In this case, the detail we need is the raycastHit.point which tells us where the Ray hit something. So the direction we want to move is the vector from our current transform.position to the hit point:

    Vector3 direction = raycastHit.point - transform.position;

Since the character will be moving a certain distance every frame, it's unlikely that they will ever actually reach the exact target position. In a real game, things like physics collisions would make it even less likely. So to avoid causing the character to jitter back and forth over the target position, we simply compare the Squared Magnitude of the direction with a small _StopProximity value to let the charaqcter stop moving if they're already close to the destination.

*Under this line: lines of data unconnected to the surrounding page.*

Lemma chart_normal_small w : (forall i, dot (J i) w = 0) ->
  forall eps, 0 < eps -> exists m, 0 < m /\ forall x, L x -> Defs.dist p x < m ->
    Rabs (dot (vsub x p) w) <= eps * norm1 (vsub x p).
Proof.
move=> Jw eps e0; have [C [m1 [C0 [m10 inv]]]] := chart_inverse_bound.
set K := C * norm1 w; have K0 : 0 <= K by apply: Rmult_le_pos => //; exact: norm1_ge0.
have e1 : 0 < eps / (K + 1) by apply: Rdiv_lt_0_compat; lra.
have [m2 [m20 est]] := chart_first_order e1.
have mm1 := Rmin_l m1 m2; have mm2 := Rmin_r m1 m2.
exists (Rmin m1 m2); split => [|x Lx px]; first exact: Rmin_glb_lt.
set h := vsub (psi x) y0; set E := vsub (vsub x p) (lincomb h J).
have -> : dot (vsub x p) w = dot E w.
  have -> : vsub x p = vadd (lincomb h J) E.
    by apply: functional_extensionality => j; rewrite /E /vadd /vsub; ring.
  by rewrite dot_addl dot_lincomb_orth // Rplus_0_l.
apply: Rle_trans (dot_abs_le _ (est x Lx ltac:(lra))) _.
have hx := inv x Lx ltac:(lra); have w0 := norm1_ge0 w; have x0 := norm1_ge0 (vsub x p).
apply: Rle_trans (_ : eps / (K + 1) * (K * norm1 (vsub x p)) <= _).
  rewrite Rmult_assoc; apply: Rmult_le_compat_l; first lra.
  by have := Rmult_le_compat_r _ _ _ w0 hx; rewrite /K; lra.
rewrite -Rmult_assoc; apply: Rmult_le_compat_r => //; rewrite Rmult_comm.
by apply: Rlt_le; exact: mul_div_succ_lt.
Qed.

(* Every tangent vector of L at p lies in the span of the J i, in the sense
   that it is orthogonal to everything orthogonal to them. *)
Lemma chart_tangent_orth w : (forall i, dot (J i) w = 0) ->
  forall v, tangent_vec L p v -> dot v w = 0.
Proof. by move=> Jw; apply: tangent_orth_of_small; exact: chart_normal_small. Qed.

End Chart.

Section DisjointNormals.
Variables (n : nat) (L : vec n -> Prop).
Hypothesis L_closed : is_closed L.
Hypothesis L_nonempty : exists p, L p.
Hypothesis normals_disjoint : forall p q, L p -> L q -> p <> q ->
  ~ (exists x, normal_plane L p x /\ normal_plane L q x).

(* Otherwise a point x far out on the
   normal line q + R u is closer to some y in L than to q, so its nearest point
   q' in L differs from q while x lies on the normal planes at both q and q'. *)
Lemma normal_flat q u : L q -> (forall v, tangent_vec L q v -> dot u v = 0) ->
  forall y, L y -> dot (vsub y q) u = 0.
Proof.
move=> Lq uq y Ly; apply: NNPP => s0; set s := dot (vsub y q) u in s0.
set D := sqdist y q; have D0 : 0 <= D by exact: dot_self_ge0.
have ss : 0 < s * s by have := Rsqr_pos_lt s s0; rewrite /Rsqr.
set t := (D + 1) / (2 * (s * s)); have t0 : 0 < t by apply: Rdiv_lt_0_compat; lra.
set x := vadd q (vscale (t * s) u).
have xq : vsub x q = vscale (t * s) u.
  by apply: functional_extensionality => j; rewrite /x /vsub /vadd /vscale; ring.
have x_normal_q : normal_plane L q x.
  by move=> v qv; rewrite xq dot_scalel uq //; ring.
have closer : sqdist x y < sqdist x q.
  rewrite /sqdist xq.
  have -> : vsub x y = vadd (vscale (-1) (vsub y q)) (vscale (t * s) u).
    by apply: functional_extensionality => j; rewrite /x /vsub /vadd /vscale; ring.
  rewrite dot_add_self !dot_scale_self dot_scalel dot_scaler -/s -/(sqdist y q) -/D.
  have : 2 * t * (s * s) = D + 1 by rewrite /t; field; lra.
  nra.
have [q' [Lq' q'min]] := nearest_point x L_nonempty L_closed.
apply: (normals_disjoint Lq' Lq) => [q'q|]; last first.
  by exists x; split => //; exact: nearest_in_normal_plane.
by rewrite q'q in q'min; have := q'min y Ly; lra.
Qed.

    float squaredDistance = direction.sqrMagnitude;
    if (squaredDistance <= _StopProximity * _StopProximity)
    {
        return Vector3.zero;
    }

Otherwise, we need to Normalize the direction so that we don't change speed based on distance.

    else
    {
        return direction / Mathf.Sqrt(squaredDistance);
    }
}

Calling direction.Normalize() would do the same thing, but would waste a tiny bit of performance calculating the magnitude again.

Parameter Calculation

Back in the Update method, we now have the direction we want to move:

protected virtual void Update()
{
    Vector3 movementDirection = GetMovementDirection();

That direction is in world space but we need it in the character's local space to calculate the blending parameters to that "right" means "the character's right" instead of "world space right". That can be easily done using Transform.InverseTransformDirection:

    Vector3 localDirection = transform.InverseTransformDirection(movementDirection);

Then we simply set the TargetValue of the smoothed parameter to make it start moving towards those values:

  • Parameter X towards Direction X (right/left).
  • Parameter Y towards Direction Z (forwards/backwards).
  • Ignore Direction Y because the Mixer is only 2D.
    _SmoothedParameter.TargetValue = new Vector2(localDirection.x, localDirection.z);
}

Further Development

The blending shown here is pretty good, but there are a few movement directions which don't animate realistically and can cause the legs to intersect with each other. The obvious solution is to give the Mixer more animations to cover diagonal movement.

Another approach is to set up a system for defining where the areas of bad blending are in parameter space, then when the parameters would go into those areas you rotate the character's hips to get them out of that area and rotate their chest in the opposite direction so that they're still facing the right way. That's essentially what people do in real life to avoid this problem, rotate their hips so they can essentially walk directly forwards or backwards in the direction they want to move and twist their upper body to face the direction they want to face.